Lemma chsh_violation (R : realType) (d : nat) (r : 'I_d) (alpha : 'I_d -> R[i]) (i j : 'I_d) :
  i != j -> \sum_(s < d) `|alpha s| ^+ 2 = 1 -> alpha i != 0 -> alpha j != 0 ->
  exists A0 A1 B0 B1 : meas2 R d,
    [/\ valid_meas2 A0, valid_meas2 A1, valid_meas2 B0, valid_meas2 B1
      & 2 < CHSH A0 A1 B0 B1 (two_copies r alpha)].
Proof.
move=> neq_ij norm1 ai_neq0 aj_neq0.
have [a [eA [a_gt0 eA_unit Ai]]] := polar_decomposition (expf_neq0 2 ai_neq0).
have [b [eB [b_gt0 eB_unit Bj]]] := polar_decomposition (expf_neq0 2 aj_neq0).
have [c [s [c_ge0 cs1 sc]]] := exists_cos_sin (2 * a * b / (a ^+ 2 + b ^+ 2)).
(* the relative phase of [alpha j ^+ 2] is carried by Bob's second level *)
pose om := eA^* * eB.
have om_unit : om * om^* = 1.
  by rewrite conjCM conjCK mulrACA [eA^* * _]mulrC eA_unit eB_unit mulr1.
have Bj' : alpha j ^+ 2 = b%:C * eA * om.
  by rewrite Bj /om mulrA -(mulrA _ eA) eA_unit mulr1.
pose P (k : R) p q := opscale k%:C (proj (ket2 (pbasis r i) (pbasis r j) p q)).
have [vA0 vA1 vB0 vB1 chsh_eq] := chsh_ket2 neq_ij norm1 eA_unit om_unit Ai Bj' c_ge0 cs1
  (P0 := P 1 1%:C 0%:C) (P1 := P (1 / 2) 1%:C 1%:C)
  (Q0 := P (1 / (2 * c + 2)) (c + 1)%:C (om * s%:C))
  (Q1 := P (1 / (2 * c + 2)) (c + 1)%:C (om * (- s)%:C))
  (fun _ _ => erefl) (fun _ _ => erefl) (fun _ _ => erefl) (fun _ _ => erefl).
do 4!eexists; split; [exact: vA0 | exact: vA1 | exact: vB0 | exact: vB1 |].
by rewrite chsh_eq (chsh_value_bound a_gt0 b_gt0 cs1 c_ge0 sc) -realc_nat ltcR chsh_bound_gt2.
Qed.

──────────────────────────────

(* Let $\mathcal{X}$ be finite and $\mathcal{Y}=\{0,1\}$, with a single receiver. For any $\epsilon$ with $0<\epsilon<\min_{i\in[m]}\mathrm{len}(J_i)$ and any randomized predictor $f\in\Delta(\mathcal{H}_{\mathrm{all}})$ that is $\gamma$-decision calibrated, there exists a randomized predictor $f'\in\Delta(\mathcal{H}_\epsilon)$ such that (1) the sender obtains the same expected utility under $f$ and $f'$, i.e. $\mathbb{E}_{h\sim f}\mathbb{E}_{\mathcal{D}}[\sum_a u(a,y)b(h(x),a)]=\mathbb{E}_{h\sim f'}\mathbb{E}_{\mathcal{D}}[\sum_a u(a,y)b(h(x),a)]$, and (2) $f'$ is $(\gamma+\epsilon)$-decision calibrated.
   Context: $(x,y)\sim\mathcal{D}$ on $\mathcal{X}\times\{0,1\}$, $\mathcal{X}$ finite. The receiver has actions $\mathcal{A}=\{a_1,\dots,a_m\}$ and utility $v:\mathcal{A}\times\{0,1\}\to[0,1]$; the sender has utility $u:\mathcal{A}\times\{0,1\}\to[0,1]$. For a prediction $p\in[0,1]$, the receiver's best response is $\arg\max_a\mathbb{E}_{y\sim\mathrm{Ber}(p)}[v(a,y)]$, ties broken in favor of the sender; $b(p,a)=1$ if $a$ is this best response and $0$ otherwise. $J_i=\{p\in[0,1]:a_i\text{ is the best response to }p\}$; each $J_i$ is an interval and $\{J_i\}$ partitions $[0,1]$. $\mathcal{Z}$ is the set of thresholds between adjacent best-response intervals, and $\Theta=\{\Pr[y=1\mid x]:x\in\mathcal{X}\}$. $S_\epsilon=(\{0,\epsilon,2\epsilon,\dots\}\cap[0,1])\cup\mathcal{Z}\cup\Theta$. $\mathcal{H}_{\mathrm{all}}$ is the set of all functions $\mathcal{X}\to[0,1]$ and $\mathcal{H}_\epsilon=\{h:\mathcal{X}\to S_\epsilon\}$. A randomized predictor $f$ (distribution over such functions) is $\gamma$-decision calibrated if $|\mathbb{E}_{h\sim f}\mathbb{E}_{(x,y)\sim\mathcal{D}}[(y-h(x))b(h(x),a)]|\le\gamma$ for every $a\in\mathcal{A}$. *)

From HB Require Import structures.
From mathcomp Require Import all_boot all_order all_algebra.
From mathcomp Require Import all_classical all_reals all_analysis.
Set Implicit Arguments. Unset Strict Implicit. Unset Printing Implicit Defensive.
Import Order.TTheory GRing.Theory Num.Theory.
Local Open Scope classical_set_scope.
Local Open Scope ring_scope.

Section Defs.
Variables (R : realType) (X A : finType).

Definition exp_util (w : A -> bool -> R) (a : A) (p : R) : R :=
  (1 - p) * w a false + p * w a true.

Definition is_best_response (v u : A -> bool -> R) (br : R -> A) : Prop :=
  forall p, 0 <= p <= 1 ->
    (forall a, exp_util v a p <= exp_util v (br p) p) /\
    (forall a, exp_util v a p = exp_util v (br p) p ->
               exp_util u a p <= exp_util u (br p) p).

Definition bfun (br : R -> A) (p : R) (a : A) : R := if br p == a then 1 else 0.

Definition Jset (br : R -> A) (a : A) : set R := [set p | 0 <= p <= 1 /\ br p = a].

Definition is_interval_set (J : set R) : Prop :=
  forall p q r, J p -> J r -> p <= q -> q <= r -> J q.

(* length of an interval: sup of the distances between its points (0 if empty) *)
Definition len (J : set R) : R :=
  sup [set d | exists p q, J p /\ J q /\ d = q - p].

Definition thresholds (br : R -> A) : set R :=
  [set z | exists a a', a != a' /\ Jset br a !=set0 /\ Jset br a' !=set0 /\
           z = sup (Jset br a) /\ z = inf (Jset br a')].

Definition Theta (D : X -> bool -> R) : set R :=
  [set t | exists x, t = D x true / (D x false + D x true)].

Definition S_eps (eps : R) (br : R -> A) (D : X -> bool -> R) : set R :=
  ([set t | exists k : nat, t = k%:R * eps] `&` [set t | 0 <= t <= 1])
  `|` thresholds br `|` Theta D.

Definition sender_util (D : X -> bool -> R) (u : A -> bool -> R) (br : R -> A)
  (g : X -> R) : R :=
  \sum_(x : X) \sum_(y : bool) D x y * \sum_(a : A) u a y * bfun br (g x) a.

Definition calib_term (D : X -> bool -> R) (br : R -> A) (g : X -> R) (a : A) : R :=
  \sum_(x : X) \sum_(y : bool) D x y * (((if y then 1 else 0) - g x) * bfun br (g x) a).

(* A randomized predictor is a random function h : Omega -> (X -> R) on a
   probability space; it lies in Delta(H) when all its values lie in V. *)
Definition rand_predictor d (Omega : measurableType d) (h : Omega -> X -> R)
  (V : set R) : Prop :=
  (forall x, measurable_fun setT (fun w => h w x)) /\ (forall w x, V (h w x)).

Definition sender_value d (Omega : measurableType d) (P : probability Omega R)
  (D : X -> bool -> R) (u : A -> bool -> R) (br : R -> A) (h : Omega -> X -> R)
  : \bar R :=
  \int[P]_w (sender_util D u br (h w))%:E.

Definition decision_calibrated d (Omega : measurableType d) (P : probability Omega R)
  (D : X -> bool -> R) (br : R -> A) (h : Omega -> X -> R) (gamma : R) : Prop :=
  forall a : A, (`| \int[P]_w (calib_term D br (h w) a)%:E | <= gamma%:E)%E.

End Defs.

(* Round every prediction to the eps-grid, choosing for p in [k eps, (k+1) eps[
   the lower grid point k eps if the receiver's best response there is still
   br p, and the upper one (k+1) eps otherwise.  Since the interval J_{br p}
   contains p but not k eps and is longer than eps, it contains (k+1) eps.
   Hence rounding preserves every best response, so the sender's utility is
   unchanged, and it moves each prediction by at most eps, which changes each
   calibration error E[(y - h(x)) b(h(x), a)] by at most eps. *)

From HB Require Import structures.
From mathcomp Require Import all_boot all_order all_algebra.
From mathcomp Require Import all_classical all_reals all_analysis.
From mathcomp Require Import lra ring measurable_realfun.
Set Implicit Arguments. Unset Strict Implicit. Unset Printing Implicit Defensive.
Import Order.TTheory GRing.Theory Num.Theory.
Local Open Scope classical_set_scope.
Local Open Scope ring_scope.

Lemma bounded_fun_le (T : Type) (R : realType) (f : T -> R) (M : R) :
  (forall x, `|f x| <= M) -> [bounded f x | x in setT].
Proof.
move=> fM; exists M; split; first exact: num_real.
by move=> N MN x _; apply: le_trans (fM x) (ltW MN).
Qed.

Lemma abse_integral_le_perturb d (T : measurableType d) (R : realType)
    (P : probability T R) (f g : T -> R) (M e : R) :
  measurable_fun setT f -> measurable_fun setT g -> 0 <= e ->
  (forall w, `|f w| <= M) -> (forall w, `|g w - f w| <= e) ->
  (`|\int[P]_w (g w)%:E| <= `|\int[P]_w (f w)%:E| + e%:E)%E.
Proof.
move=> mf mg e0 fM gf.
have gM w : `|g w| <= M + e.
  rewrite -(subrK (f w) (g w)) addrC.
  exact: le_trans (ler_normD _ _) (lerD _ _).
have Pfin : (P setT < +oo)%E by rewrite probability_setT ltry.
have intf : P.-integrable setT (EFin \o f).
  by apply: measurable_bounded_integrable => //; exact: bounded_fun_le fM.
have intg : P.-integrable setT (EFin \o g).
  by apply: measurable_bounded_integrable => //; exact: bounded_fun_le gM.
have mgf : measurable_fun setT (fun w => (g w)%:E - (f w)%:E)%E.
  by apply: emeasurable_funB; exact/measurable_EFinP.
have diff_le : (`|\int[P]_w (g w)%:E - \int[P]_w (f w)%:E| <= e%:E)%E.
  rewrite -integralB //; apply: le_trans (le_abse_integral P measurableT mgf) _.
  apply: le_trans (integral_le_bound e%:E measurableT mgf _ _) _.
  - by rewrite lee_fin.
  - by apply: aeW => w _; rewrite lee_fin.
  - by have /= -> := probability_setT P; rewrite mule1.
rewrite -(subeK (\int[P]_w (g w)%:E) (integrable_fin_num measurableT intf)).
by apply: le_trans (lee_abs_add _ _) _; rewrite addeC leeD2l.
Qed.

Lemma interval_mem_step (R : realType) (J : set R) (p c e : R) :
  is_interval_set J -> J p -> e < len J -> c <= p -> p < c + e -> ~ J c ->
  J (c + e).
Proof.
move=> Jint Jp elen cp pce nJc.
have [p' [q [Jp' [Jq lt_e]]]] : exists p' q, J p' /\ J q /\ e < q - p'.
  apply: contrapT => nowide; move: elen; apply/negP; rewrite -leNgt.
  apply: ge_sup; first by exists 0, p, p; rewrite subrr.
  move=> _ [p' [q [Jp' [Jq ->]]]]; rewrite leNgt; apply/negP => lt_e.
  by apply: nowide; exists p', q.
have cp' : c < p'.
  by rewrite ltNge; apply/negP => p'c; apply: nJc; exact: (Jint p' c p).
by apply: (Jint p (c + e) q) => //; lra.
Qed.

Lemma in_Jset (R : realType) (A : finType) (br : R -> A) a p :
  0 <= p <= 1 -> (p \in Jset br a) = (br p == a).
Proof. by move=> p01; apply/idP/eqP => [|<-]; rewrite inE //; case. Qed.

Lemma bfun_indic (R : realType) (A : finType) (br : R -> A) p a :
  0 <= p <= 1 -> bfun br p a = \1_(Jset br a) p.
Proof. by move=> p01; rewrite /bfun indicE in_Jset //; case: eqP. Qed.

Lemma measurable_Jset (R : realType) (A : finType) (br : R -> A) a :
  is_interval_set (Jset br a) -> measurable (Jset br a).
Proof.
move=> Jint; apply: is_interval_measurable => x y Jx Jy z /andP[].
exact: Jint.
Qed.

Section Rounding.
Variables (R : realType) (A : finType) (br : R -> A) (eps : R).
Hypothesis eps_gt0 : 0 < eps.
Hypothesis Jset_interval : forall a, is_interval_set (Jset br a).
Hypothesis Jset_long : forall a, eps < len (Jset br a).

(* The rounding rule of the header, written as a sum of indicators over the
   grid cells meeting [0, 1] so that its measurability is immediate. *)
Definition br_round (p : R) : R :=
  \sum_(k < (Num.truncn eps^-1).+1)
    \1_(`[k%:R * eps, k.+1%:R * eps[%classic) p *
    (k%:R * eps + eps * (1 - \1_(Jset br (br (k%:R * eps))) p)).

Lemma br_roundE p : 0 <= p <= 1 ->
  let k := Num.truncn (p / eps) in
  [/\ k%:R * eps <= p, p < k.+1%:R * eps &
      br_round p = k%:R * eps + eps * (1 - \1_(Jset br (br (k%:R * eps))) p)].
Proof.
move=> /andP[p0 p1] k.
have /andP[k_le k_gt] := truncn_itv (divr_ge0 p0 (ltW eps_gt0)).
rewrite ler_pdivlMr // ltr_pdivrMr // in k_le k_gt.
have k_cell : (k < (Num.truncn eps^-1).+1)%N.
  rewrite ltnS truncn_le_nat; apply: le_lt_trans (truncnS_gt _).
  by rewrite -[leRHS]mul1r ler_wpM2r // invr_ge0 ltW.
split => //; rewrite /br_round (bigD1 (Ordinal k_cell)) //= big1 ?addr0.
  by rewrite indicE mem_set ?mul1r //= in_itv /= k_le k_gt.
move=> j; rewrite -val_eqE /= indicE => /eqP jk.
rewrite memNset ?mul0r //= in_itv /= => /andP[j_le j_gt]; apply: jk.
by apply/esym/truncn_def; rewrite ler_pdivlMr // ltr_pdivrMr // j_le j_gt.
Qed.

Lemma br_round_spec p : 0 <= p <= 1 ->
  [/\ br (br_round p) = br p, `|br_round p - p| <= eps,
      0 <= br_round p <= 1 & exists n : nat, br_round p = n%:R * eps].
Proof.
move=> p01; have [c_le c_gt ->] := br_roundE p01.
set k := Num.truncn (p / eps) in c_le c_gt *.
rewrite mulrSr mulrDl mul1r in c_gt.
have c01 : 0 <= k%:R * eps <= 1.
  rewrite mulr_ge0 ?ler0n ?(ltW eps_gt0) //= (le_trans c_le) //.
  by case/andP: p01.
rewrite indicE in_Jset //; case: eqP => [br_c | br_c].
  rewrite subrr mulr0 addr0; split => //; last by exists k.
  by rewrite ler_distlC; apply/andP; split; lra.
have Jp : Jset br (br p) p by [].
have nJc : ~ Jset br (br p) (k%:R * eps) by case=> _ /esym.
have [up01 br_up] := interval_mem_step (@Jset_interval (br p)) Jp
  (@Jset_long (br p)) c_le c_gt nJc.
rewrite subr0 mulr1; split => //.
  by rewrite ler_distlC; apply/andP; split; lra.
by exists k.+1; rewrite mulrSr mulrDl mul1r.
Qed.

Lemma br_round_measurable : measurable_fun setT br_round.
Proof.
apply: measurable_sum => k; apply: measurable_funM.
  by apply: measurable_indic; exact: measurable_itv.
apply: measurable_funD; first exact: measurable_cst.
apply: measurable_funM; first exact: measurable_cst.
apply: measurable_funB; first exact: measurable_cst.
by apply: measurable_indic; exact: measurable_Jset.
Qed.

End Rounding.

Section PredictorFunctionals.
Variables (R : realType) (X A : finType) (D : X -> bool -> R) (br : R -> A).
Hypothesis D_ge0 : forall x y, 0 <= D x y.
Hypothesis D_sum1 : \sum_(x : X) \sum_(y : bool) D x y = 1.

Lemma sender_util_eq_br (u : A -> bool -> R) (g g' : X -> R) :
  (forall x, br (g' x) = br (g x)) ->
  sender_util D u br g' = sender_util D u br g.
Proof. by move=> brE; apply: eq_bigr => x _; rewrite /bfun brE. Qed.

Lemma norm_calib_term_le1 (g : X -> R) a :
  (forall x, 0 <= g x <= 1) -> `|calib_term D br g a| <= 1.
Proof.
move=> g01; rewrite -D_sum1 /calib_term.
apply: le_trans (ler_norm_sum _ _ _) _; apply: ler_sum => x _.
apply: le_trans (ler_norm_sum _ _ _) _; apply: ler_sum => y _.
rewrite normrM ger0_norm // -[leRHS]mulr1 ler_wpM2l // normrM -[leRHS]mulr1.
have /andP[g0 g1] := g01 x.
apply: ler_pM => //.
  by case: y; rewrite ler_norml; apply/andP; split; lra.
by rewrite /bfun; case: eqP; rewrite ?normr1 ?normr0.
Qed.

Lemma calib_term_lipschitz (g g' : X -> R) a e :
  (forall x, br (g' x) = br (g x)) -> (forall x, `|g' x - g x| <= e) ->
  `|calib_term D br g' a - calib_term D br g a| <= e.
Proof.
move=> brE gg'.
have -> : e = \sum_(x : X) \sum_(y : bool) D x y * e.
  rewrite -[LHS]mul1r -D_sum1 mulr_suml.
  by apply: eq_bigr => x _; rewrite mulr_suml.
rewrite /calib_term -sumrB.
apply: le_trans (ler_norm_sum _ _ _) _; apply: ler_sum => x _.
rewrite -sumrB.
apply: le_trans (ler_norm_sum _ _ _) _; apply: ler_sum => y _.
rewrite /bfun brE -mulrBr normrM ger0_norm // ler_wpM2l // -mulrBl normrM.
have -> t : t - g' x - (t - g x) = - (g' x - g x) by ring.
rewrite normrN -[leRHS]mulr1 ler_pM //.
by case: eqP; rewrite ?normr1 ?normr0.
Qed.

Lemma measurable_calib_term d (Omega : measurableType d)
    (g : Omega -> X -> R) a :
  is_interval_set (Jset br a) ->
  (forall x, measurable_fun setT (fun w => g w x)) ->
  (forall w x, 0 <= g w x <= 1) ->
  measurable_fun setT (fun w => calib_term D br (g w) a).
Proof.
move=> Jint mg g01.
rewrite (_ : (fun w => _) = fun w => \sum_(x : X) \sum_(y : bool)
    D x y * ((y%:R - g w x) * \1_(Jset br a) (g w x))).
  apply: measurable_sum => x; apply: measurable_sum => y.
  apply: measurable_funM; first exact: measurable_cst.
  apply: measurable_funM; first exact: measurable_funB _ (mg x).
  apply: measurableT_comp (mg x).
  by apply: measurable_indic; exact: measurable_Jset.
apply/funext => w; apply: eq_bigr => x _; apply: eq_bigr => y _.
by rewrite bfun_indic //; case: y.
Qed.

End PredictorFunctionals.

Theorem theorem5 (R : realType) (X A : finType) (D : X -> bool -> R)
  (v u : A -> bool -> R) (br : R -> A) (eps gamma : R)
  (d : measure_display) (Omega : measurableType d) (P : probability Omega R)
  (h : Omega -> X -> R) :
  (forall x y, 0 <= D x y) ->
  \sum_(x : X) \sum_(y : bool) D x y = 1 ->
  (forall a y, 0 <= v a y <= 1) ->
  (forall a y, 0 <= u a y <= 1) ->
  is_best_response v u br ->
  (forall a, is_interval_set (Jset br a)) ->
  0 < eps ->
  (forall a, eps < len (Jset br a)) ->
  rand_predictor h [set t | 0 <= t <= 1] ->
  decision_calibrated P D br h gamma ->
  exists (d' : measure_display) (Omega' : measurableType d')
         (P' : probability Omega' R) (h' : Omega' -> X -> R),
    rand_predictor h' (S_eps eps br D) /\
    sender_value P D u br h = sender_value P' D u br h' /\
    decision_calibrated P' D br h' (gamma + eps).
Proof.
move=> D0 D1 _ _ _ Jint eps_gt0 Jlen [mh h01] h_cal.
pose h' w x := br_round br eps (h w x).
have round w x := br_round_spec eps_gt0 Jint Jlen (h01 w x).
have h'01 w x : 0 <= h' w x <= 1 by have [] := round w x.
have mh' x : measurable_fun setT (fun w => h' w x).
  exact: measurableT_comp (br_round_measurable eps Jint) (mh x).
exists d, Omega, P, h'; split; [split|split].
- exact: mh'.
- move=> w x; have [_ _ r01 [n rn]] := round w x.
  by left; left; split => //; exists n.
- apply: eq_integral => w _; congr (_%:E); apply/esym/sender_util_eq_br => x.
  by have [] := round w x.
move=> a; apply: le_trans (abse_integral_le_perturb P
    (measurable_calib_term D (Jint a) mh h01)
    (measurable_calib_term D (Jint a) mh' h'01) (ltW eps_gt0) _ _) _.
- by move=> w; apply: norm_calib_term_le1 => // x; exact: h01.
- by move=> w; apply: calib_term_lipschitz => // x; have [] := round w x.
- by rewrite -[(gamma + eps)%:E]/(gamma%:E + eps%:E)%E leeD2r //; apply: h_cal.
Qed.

──────────────────────────────

● **Your assignment**: Tally every line in these entries where the string "pose" occurs. The tally alone is the answer.

● **Answer box**: 3